#### WHAT THE EXERCISE ASKS
Which lines run from the start of the data below to the line containing "Hf)) (@const_lev _))."? Set them down exactly, with none added.

━━━━━ DATASET RECORDS ━━━━━

Lemma integ_sub mu f g : ba A mu -> simple A f -> simple A g -> integ mu (fun x => f x - g x) = integ mu f - integ mu g.
Proof. intros. replace (fun x => f x - g x) with (fun x => 1 * f x + (-1) * g x). rewrite integ_lin; auto. ring.
  apply functional_extensionality; intro; ring. Qed.

Lemma integ_const mu c : ba A mu -> integ mu (fun _ => c) = c * mu fullO.
Proof. intro Hmu. replace (fun _ : Omega => c) with (step (fullO :: nil) (fun _ => c)).
  rewrite (integ_step _ Hmu partition_full). simpl; ring.
  apply functional_extensionality; intro x. unfold step; simpl. destruct (excluded_middle_informative (full x)).
  ring. exfalso; apply n; exact I. Qed.

Lemma integ_mono la f g : pos la -> simple A f -> simple A g -> (forall x, f x <= g x) -> integ la f <= integ la g.
Proof. intros Hl Hf Hg Hfg. assert (0 <= integ la (fun x => g x - f x)).
  { rewrite (integ_const_on (proj1 Hl) (simple_comb Rminus Hg Hf) (partition_lev (simple_comb Rminus Hg Hf)) (@const_lev _)).
    apply lsum_nonneg. intros E HE. destruct (nonempty_or_empty E) as [[x Ex]|Hno].
    - rewrite (@fval_at _ E x Ex). apply Rmult_le_pos. apply Hl, (proj1 (partition_lev (simple_comb Rminus Hg Hf))); auto.
      specialize (Hfg x); lra. intros y Ey. apply (const_lev HE); auto.
    - rewrite (ba_is_empty (proj1 Hl) Hno). lra. }
  rewrite integ_sub in H; auto; [lra|apply Hl]. Qed.

Lemma integ_nonneg la f : pos la -> simple A f -> (forall x, 0 <= f x) -> 0 <= integ la f.
Proof. intros Hl Hf Hp. pose proof (integ_mono Hl (simple_const 0) Hf Hp). rewrite integ_const in H; [lra|apply Hl]. Qed.

Lemma integ_abs_dominated nu la u : ba A nu -> pos la -> dominated nu la -> simple A u ->
  Rabs (integ nu u) <= integ la (fun x => Rabs (u x)).
Proof. intros Hn Hl Hd Hu. pose proof (partition_lev Hu) as Hp.
  assert (Ca : const_on (lev u) (fun x => Rabs (u x))). intros E HE x y Ex Ey; rewrite (const_lev HE Ex Ey); auto.
  rewrite (integ_const_on Hn Hu Hp (@const_lev u)), (integ_const_on (proj1 Hl) (simple_map Rabs Hu) Hp Ca).
  eapply Rle_trans; [apply lsum_abs|]. apply lsum_le. intros E HE.
  destruct (nonempty_or_empty E) as [[x Ex]|Hno].
  - rewrite !(@fval_at _ E x Ex). rewrite Rabs_mult. apply Rmult_le_compat_r. apply Rabs_pos. apply Hd. apply (proj1 Hp); auto.
    intros y Ey; apply (Ca E HE); auto. intros y Ey; apply (const_lev HE); auto.
  - rewrite (ba_is_empty Hn Hno), (ba_is_empty (proj1 Hl) Hno). rewrite Rmult_0_l, Rabs_R0; lra.
Qed.

Lemma integ_cauchy_schwarz la u : pos la -> simple A u ->
  integ la (fun x => Rabs (u x)) * integ la (fun x => Rabs (u x)) <= la fullO * integ la (fun x => u x * u x).
Proof. intros Hl Hu. set (I1 := integ la (fun x => Rabs (u x))). set (I2 := integ la (fun x => u x * u x)).
  set (L := la fullO).
  assert (Hs1 : simple A (fun x => Rabs (u x))) by (apply simple_map; auto).
  assert (Hs2 : simple A (fun x => u x * u x)) by (apply (simple_comb Rmult); auto).
  assert (Hq : forall t, 0 <= I2 - 2 * t * I1 + t * t * L).
  { intro t. replace (I2 - 2 * t * I1 + t * t * L) with (integ la (fun x => (Rabs (u x) - t) * (Rabs (u x) - t))).
    - apply integ_nonneg; auto. apply (simple_map (fun a => (Rabs a - t) * (Rabs a - t))); auto. intro x; apply Rle_0_sqr.
    - replace (fun x => (Rabs (u x) - t) * (Rabs (u x) - t)) with
        (fun x => 1 * (1 * (u x * u x) + (-2*t) * Rabs (u x)) + 1 * (t*t)).
      rewrite (integ_lin _ _ (proj1 Hl) (simple_comb (fun a b => 1*a + (-2*t)*b) Hs2 Hs1) (simple_const (t*t))).
      rewrite (integ_lin _ _ (proj1 Hl) Hs2 Hs1), integ_const by apply Hl. unfold I1, I2, L. ring.
      apply functional_extensionality; intro x. pose proof (Rsqr_abs (u x)) as Hsq. unfold Rsqr in Hsq. rewrite Hsq; ring. }
  assert (HL : 0 <= L) by (apply pos_full; auto).
  assert (HI1 : 0 <= I1) by (apply integ_nonneg; auto; intro; apply Rabs_pos).
  destruct (Req_dec_T L 0) as [HL0|HL0].
  - destruct (Req_dec_T I1 0) as [HI0|HI0]. rewrite HI0, HL0; lra.
    specialize (Hq ((I2 + 1) / (2 * I1))). rewrite HL0 in Hq.
    assert (2 * ((I2 + 1) / (2 * I1)) * I1 = I2 + 1) by (field; lra). lra.
  - specialize (Hq (I1 / L)).
    replace (I2 - 2 * (I1 / L) * I1 + I1 / L * (I1 / L) * L) with (I2 - I1 * I1 / L) in Hq by (field; lra).
    assert (I1 * I1 / L * L = I1 * I1) by (field; lra).
    assert (0 <= (I2 - I1 * I1 / L) * L) by (apply Rmult_le_pos; lra). nra.
Qed.

Lemma integ_bound mu f M : ba A mu -> simple A f -> 0 <= M -> (forall x, Rabs (f x) <= M) ->
  Rabs (integ mu f) <= M * ba_norm A mu.
Proof. intros Hmu Hf HM0 HM. pose proof (partition_lev Hf) as Hp.
  rewrite (integ_const_on Hmu Hf Hp (@const_lev f)). eapply Rle_trans; [apply lsum_abs|].
  apply Rle_trans with (M * sumabs mu (lev f)).
  - rewrite sumabs_lsum, <- lsum_scal. apply lsum_le. intros E HE. rewrite Rabs_mult.
    destruct (nonempty_or_empty E) as [[x Ex]|Hno].
    + rewrite (@fval_at _ E x Ex). rewrite Rmult_comm. apply Rmult_le_compat_r; auto. apply Rabs_pos.
      intros y Ey; apply (const_lev HE); auto.
    + rewrite (ba_is_empty Hmu Hno). rewrite Rabs_R0, Rmult_0_l, Rmult_0_r; lra.
  - apply Rmult_le_compat_l; auto. apply sumabs_le_norm; auto.
    rewrite Forall_forall; apply Hp. apply pdisj_pwd, Hp.
Qed.

Lemma integ_mono_weights (m m' : T -> R) h : (forall y, y * m (fun x => h x = y) <= y * m' (fun x => h x = y)) ->
  integ m h <= integ m' h.
Proof. intro H. rewrite !integ_eq. apply lsum_le; auto. Qed.

Lemma integ_mono_measure (m m' : T -> R) h : simple A h -> (forall x, 0 <= h x) ->
  (forall E, A E -> 0 <= m E) -> (forall E, A E -> m E <= m' E) ->
  (forall E, is_empty E -> m E = 0 /\ m' E = 0) -> integ m h <= integ m' h.
Proof. intros Hs Hn H0 Hle Hemp. apply integ_mono_weights. intro y. destruct (Rle_dec 0 y).
  - apply Rmult_le_compat_l; auto. apply Hle, Hs.
  - assert (Hno : is_empty (fun x => h x = y)) by (intros x Hx; specialize (Hn x); lra).
    destruct (Hemp _ Hno) as [-> ->]. lra. Qed.

Lemma integ_pos_mono l0 l1 h : pos l0 -> pos l1 -> (forall E, A E -> l0 E <= l1 E) -> simple A h ->
  (forall x, 0 <= h x) -> integ l0 h <= integ l1 h.
Proof. intros H0 H1 Hle Hs Hn. apply integ_mono_measure; auto. apply H0.
  intros E HE; split; apply ba_is_empty; auto; [apply H0|apply H1]. Qed.

Lemma integ_tv_le nu la h : ba A nu -> pos la -> dominated nu la -> simple A h -> (forall x, 0 <= h x) ->
  integ (tv A nu) h <= integ la h.
Proof. intros Hn Hl Hd Hs Hp. apply integ_mono_measure; auto.
  - intros E _. apply tv_nonneg; auto.
  - intros E HE. apply tv_le_majorant; auto.
  - intros E HE. rewrite (ba_is_empty (proj1 Hl) HE). split; auto.
    apply Rle_antisym; [|apply tv_nonneg; auto]. rewrite <- (ba_is_empty (proj1 Hl) HE).
    apply tv_le_majorant; auto. rewrite (is_empty_eq HE). apply A_empty. Qed.

Lemma supnorm_lub (f : Omega -> R) M : (forall x, Rabs (f x) <= M) ->
  is_lub (fun r => r = 0 \/ exists x, r = Rabs (f x)) (supnorm f).
Proof. intro H. unfold supnorm. apply epsilon_spec.
  destruct (completeness (fun r => r = 0 \/ exists x, r = Rabs (f x))) as [m Hm].
  exists (Rmax 0 M). intros r [->|[x ->]]. apply Rmax_l. eapply Rle_trans; [apply H|apply Rmax_r].
  exists 0; left; auto. eauto. Qed.

Lemma supnorm_ge (f : Omega -> R) M x : (forall x, Rabs (f x) <= M) -> Rabs (f x) <= supnorm f.
Proof. intro H. apply (supnorm_lub H). right; eauto. Qed.

Lemma supnorm_nonneg (f : Omega -> R) M : (forall x, Rabs (f x) <= M) -> 0 <= supnorm f.
Proof. intro H. apply (supnorm_lub H). left; auto. Qed.

Lemma supnorm_le (f : Omega -> R) M : 0 <= M -> (forall x, Rabs (f x) <= M) -> supnorm f <= M.
Proof. intros H0 H. apply (supnorm_lub H). intros r [->|[x ->]]; auto. Qed.

Section Martingale.
Variables mu la : T -> R.
Variable K : R.
Hypothesis Hmu : ba A mu.
Hypothesis Hla : pos la.
Hypothesis HK : 0 <= K.
Hypothesis Hd : forall E, A E -> Rabs (mu E) <= K * la E.

Definition dens (E : T) : R := if Req_dec_T (la E) 0 then 0 else mu E / la E.

Lemma dens_mul E : la E * dens E = mu E.
Proof. unfold dens. destruct (Req_dec_T (la E) 0) as [H|H]; [|field; auto].
  destruct (classic (A E)) as [HE|HE].
  - pose proof (Hd HE) as Hd'. rewrite H, Rmult_0_r in Hd'. pose proof (Rabs_pos (mu E)).
    assert (Rabs (mu E) = 0) by lra. apply Rabs_le_between in Hd'. replace (mu E) with 0 by lra. ring.
  - rewrite (ba_out Hmu HE); ring. Qed.

Lemma dens_bound E : Rabs (dens E) <= K.
Proof. unfold dens. destruct (Req_dec_T (la E) 0) as [H|H]. rewrite Rabs_R0; auto.
  destruct (classic (A E)) as [HE|HE]; [|exfalso; apply H, (ba_out (proj1 Hla) HE)].
  pose proof (proj2 Hla E HE). pose proof (Hd HE) as Hd'. unfold Rdiv. rewrite Rabs_mult, Rabs_inv, (Rabs_right (la E)) by lra.
  apply Rmult_le_reg_r with (la E). lra. rewrite Rmult_assoc, Rinv_l; lra. Qed.

Lemma step_dens_bound p x : partition p -> Rabs (step p dens x) <= K.
Proof. intro Hp. destruct (proj2 (proj2 Hp) x) as [E [HE Ex]]. rewrite (step_at _ (proj1 (proj2 Hp)) HE Ex). apply dens_bound. Qed.

Lemma integ_density s f : partition s -> const_on s f ->
  integ la (fun x => f x * step s dens x) = integ mu f.
Proof. intros Hs Hc. pose proof (proj1 (proj2 Hs)) as Hps.
  assert (Hc2 : const_on s (fun x => f x * step s dens x)).
  { intros C HC x y Cx Cy. rewrite (Hc C HC x y), (const_step dens Hps HC Cx Cy); auto. }
  rewrite (integ_const_on (proj1 Hla) (simple_of_partition Hs Hc2) Hs Hc2), (integ_const_on Hmu (simple_of_partition Hs Hc) Hs Hc).
  apply lsum_ext. intros C HC. destruct (nonempty_or_empty C) as [[x Cx]|Hno].
  - rewrite !(@fval_at _ C x Cx), (step_at _ Hps HC Cx), <- dens_mul. ring.
    intros y Cy; apply (Hc C HC); auto. intros y Cy; apply (Hc2 C HC); auto.
  - rewrite (ba_is_empty Hmu Hno), (ba_is_empty (proj1 Hla) Hno). ring. Qed.

Definition energy p := integ la (fun x => step p dens x * step p dens x).
Definition osc s p := integ la (fun x => (step s dens x - step p dens x) * (step s dens x - step p dens x)).

Lemma simple_step2 p s (F : R -> R -> R) : partition p -> partition s ->
  simple A (fun x => F (step s dens x) (step p dens x)).
Proof. intros. apply simple_comb; apply simple_step; auto. Qed.

Lemma energy_bound p : partition p -> energy p <= K * K * la fullO.
Proof. intro Hp. unfold energy. rewrite <- (integ_const (K*K) (proj1 Hla)). apply integ_mono; auto.
  apply (simple_step2 Rmult); auto. apply simple_const. intro x. pose proof (step_dens_bound x Hp) as Hb.
  apply Rabs_le_between in Hb. nra. Qed.

Lemma osc_nonneg s p : partition s -> partition p -> 0 <= osc s p.
Proof. intros. apply integ_nonneg; auto. apply (simple_step2 (fun a b => (a - b) * (a - b))); auto.
  intro; apply Rle_0_sqr. Qed.

Lemma integ_step_refines s p : partition s -> partition p -> refines s p ->
  integ la (fun x => step s dens x * step p dens x) = energy p.
Proof. intros Hs Hp Hr. unfold energy.
  replace (fun x => step s dens x * step p dens x) with (fun x => step p dens x * step s dens x)
    by (apply functional_extensionality; intro; ring).
  rewrite !integ_density; auto. apply const_step, Hp. apply const_step_refines; auto; apply Hp. Qed.

Lemma osc_pythagoras s p : partition s -> partition p -> refines s p -> osc s p = energy s - energy p.
Proof. intros Hs Hp Hr. unfold osc.
  replace (fun x => (step s dens x - step p dens x) * (step s dens x - step p dens x)) with
    (fun x => 1 * (1 * (step s dens x * step s dens x) + (-2) * (step s dens x * step p dens x)) + 1 * (step p dens x * step p dens x)).
  rewrite (integ_lin _ _ (proj1 Hla)), (integ_lin _ _ (proj1 Hla)), (integ_step_refines Hs Hp Hr). unfold energy; ring.
  all: try (apply (simple_step2 Rmult); auto).
  apply (simple_step2 (fun a b => 1 * (a * a) + (-2) * (a * b))); auto.
  apply functional_extensionality; intro x; ring.
Qed.

Definition settled p eta := partition p /\ forall s, partition s -> refines s p -> osc s p <= eta.

(* Since the energy is bounded, every partition has a settled refinement. *)
Lemma settled_exists p0 eta : 0 < eta -> partition p0 -> exists p, refines p p0 /\ settled p eta.
Proof. intros He Hp0. set (Qs := fun r => exists p, partition p /\ r = energy p).
  destruct (completeness Qs) as [S HS].
  - exists (K * K * la fullO). intros r [p [Hp ->]]. apply energy_bound; auto.
  - exists (energy (fullO :: nil)), (fullO :: nil); split; auto. apply partition_full.
  - assert (exists p1, partition p1 /\ S - eta < energy p1) as [p1 [Hp1 Hq]].
    { apply NNPP; intro Hn. assert (S <= S - eta); [|lra]. apply HS. intros r [p [Hp ->]].
      apply Rnot_lt_le; intro; apply Hn; eauto. }
    assert (Hm : partition (meet p0 p1)) by (apply partition_meet; auto).
    exists (meet p0 p1). split. apply refines_meet_l. split; auto. intros s Hs Hr.
    assert (energy s <= S) by (apply HS; exists s; auto).
    pose proof (osc_nonneg Hm Hp1) as Hn. rewrite osc_pythagoras in Hn |- *; auto. lra. apply refines_meet_r.
Qed.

━━━━━

#### REPLY TO THE EXERCISE
Lemma integ_sub mu f g : ba A mu -> simple A f -> simple A g -> integ mu (fun x => f x - g x) = integ mu f - integ mu g.
Proof. intros. replace (fun x => f x - g x) with (fun x => 1 * f x + (-1) * g x). rewrite integ_lin; auto. ring.
  apply functional_extensionality; intro; ring. Qed.

Lemma integ_const mu c : ba A mu -> integ mu (fun _ => c) = c * mu fullO.
Proof. intro Hmu. replace (fun _ : Omega => c) with (step (fullO :: nil) (fun _ => c)).
  rewrite (integ_step _ Hmu partition_full). simpl; ring.
  apply functional_extensionality; intro x. unfold step; simpl. destruct (excluded_middle_informative (full x)).
  ring. exfalso; apply n; exact I. Qed.

Lemma integ_mono la f g : pos la -> simple A f -> simple A g -> (forall x, f x <= g x) -> integ la f <= integ la g.
Proof. intros Hl Hf Hg Hfg. assert (0 <= integ la (fun x => g x - f x)).
  { rewrite (integ_const_on (proj1 Hl) (simple_comb Rminus Hg Hf) (partition_lev (simple_comb Rminus Hg Hf)) (@const_lev _)).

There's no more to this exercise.